Top of Provided records

(* Let $k$ be a field, $A=kQ_A/I_A$ an indecomposable radical square zero algebra, and $B$ the algebra obtained from $A$ by gluing a source vertex and a sink vertex of $Q_A$. Then for every $n\ge2$ the map $\psi_n$ restricts to an injective map $\mathrm{Ker}(\delta^n_A)\hookrightarrow\mathrm{Ker}(\delta^n_B)$ which maps $\mathrm{Im}(\delta^{n-1}_A)$ into $\mathrm{Im}(\delta^{n-1}_B)$. In addition, $\dim_k\mathrm{HH}^n(B)-\dim_k\mathrm{HH}^n(A)\ge0$.
   Context: A radical square zero algebra is $kQ/I$ with $Q$ a finite quiver and $I$ generated by all paths of length 2; indecomposable means $Q$ connected. Gluing a source $e_1$ (no incoming arrows) and a sink $e_m$ (no outgoing arrows), both non-isolated: $B$ is the subalgebra generated by $e_1+e_m$, the other vertex idempotents and all arrows; $B\cong kQ_B/I_B$, $Q_B$ obtained by identifying $e_1,e_m$ into one vertex $f_1$, $I_B$ generated by all length-2 paths of $Q_B$. For a path $p=a_r\cdots a_1$ of $Q_A$, $p^*=a_r^*\cdots a_1^*$ is its image in $Q_B$, and vertices map to their images. $Q_n$ denotes the set of paths of length $n$; for path sets $X,Y$, $k(X\|Y)$ is the vector space with basis the pairs $x\|y$, $x\in X$, $y\in Y$, with the same source and same target. Cibils' complex for a radical square zero algebra $kQ/I$: $C^n=k(Q_n\|Q_0)\oplus k(Q_n\|Q_1)$ and $\delta^n:C^n\to C^{n+1}$, $\delta^n(x,y)=(0,D_n(x))$, where $D_n(\gamma\|e)=\sum_{a\in Q_1,\,s(a)=e}a\gamma\|a+(-1)^{n+1}\sum_{b\in Q_1,\,t(b)=e}\gamma b\|b$; its cohomology in degree $n\ge1$ is $\mathrm{HH}^n=\mathrm{Ker}\,\delta^n/\mathrm{Im}\,\delta^{n-1}$. $\delta^n_A,\delta^n_B$ denote these for $A,B$. $\psi_n:C^n_A\to C^n_B$ is the linear map $\gamma\|x\mapsto\gamma^*\|x^*$ for $\gamma\in(Q_A)_n$, $x\in(Q_A)_0\cup(Q_A)_1$. *)

From HB Require Import structures.
From mathcomp Require Import all_boot all_order all_algebra.
Set Implicit Arguments. Unset Strict Implicit. Unset Printing Implicit Defensive.
Import GRing.Theory.
Local Open Scope ring_scope.

Record quiver := Quiver {
  qV : finType; qE : finType; qs : qE -> qV; qt : qE -> qV }.

Section Quiver.
Variable Q : quiver.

Bottom of Provided records

-- Task brief --
Where the records above contain a line with "qV : finType;", repeat that line and each later line through the end, exactly, and nothing more.

-- Result of this task --
  qV : finType; qE : finType; qs : qE -> qV; qt : qE -> qV }.

Section Quiver.
Variable Q : quiver.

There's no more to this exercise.